## The task:
Please copy each line of the listing that includes the string "hermsymmx".

## Data:
============================================================

Lemma mul_selmxE p (M : 'M[C]_(p, n)) i j : (M *m selmx) i j = M i (enum_val j).
Proof.
rewrite mxE (bigD1 (enum_val j)) //= mxE eqxx mulr1 big1 ?addr0 // => l lj.
by rewrite mxE (negbTE lj) mulr0.
Qed.

Lemma trC_selmx_mulE p (M : 'M[C]_(n, p)) i j : (selmx^t* *m M) i j = M (enum_val i) j.
Proof.
have -> : selmx^t* *m M = (M^t* *m selmx)^t* by rewrite trmxC_mul trmxCK.
by rewrite mxE [X in conjC X]mxE mul_selmxE !mxE conjCK.
Qed.

Lemma trC_selmx_mul_selmx : selmx^t* *m selmx = 1%:M.
Proof. by apply/matrixP => i j; rewrite trC_selmx_mulE !mxE (inj_eq enum_val_inj). Qed.

Lemma mul_selmx_form (v : 'rV[C]_n) :
  (v *m selmx *m (v *m selmx)^t*) 0 0 = \sum_(l in T) v 0 l * conjC (v 0 l).
Proof.
rewrite mulmx_trC_self [RHS]big_enum_val.
by apply: eq_bigr => j _; rewrite mul_selmxE.
Qed.

Variable A : 'M[C]_n.

Lemma psubmxE : psubmx A T = selmx^t* *m A *m selmx.
Proof. by apply/matrixP => i j; rewrite mul_selmxE trC_selmx_mulE !mxE. Qed.

Lemma psubmx_herm : A \is hermsymmx -> psubmx A T \is hermsymmx.
Proof.
move/is_hermitianmxP; rewrite expr0 scale1r => A_trC.
apply/is_hermitianmxP; rewrite expr0 scale1r psubmxE.
by rewrite !trmxC_mul trmxCK -A_trC !mulmxA.
Qed.

Lemma mxtrace_psubmx : \tr (psubmx A T) = \sum_(l in T) A l l.
Proof. by rewrite [RHS]big_enum_val; apply: eq_bigr => j _; rewrite mxE. Qed.

End Selection.

Section Draws.
Variables (n m : nat) (A : 'M[C]_n).
Hypotheses (A_herm : A \is hermsymmx) (m_gt0 : (0 < m)%N).
Local Notation U := (spectralmx A).
Local Notation d := (spectral_diag A).
Local Notation c := 'C(n.-1, m.-1).

(* The weight u_i that the i-th eigenvector of A receives from the phi(A_T). *)
Definition draws_weight phi i : C := \sum_(T : {set 'I_n} | #|T| == m)
  (row i U *m selmx T *m spectral_fun (psubmx A T) phi *m (row i U *m selmx T)^t*) 0 0.

Lemma sum_mxtrace_spectral_fun phi :
  \sum_(T : {set 'I_n} | #|T| == m) \tr (spectral_fun (psubmx A T) phi) =
  \sum_i draws_weight phi i.
Proof.
have lift T : \tr (spectral_fun (psubmx A T) phi) =
    \tr (selmx T *m spectral_fun (psubmx A T) phi *m (selmx T)^t*).
  by rewrite [RHS]mxtrace_mulC mulmxA trC_selmx_mul_selmx mul1mx.
under eq_bigr do rewrite lift (mxtrace_spectral_rows A).
rewrite exchange_big; apply: eq_bigr => i _; apply: eq_bigr => T _.
by rewrite trmxC_mul !mulmxA.
Qed.

Lemma sum_mxtrace_spectral_fun_mul phi :
  \sum_(T : {set 'I_n} | #|T| == m) \tr (spectral_fun (psubmx A T) phi *m psubmx A T)
  = \sum_i draws_weight phi i * d 0 i.
Proof.
have lift T : \tr (spectral_fun (psubmx A T) phi *m psubmx A T) =
    \tr ((selmx T *m spectral_fun (psubmx A T) phi *m (selmx T)^t*) *m A).
  by rewrite {2}psubmxE !mulmxA mxtrace_mulC !mulmxA.
under eq_bigr do rewrite lift (mxtrace_mul_spectral_rows A_herm).
rewrite exchange_big; apply: eq_bigr => i _; rewrite mulr_suml.
by apply: eq_bigr => T _; rewrite trmxC_mul !mulmxA.
Qed.

Lemma draws_weight_bounds phi : (forall z, 0 <= phi z <= 1) ->
  forall i, 0 <= draws_weight phi i <= c%:R.
Proof.
move=> phi_bnd i; pose y T := row i U *m selmx T.
have form_bnd T := spectral_fun_form_bounds (psubmx A T) phi_bnd (y T).
apply/andP; split; first by apply: sumr_ge0 => T _; case/andP: (form_bnd T).
apply: le_trans (_ : \sum_(T : {set 'I_n} | #|T| == m) (y T *m (y T)^t*) 0 0 <= _).
  by apply: ler_sum => T _; case/andP: (form_bnd T).
under eq_bigr do rewrite mul_selmx_form.
rewrite sum_draws_sum // -mulr_natl.
have -> : \sum_l row i U 0 l * conjC (row i U 0 l) = (U *m U^t*) i i.
  by rewrite mxE; apply: eq_bigr => l _; rewrite !mxE.
by rewrite spectralmx_mul_trC mxE eqxx mulr1.
Qed.

Lemma big_Xm (F : R -> R) : \sum_(z <- Xm m A) F z =
  \sum_(T : {set 'I_n} | #|T| == m) \sum_j F (complex.Re (spectral_diag (psubmx A T) 0 j)).
Proof.
rewrite /Xm big_flatten /= big_map big_enum /=.
rewrite (eq_bigl (fun T : {set 'I_n} => #|T| == m)) => [|T]; last by rewrite inE.
by apply: eq_bigr => T _; rewrite big_lambda // hermitian_normalmx // psubmx_herm.
Qed.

============================================================

## Final answer:
Lemma psubmx_herm : A \is hermsymmx -> psubmx A T \is hermsymmx.
Hypotheses (A_herm : A \is hermsymmx) (m_gt0 : (0 < m)%N).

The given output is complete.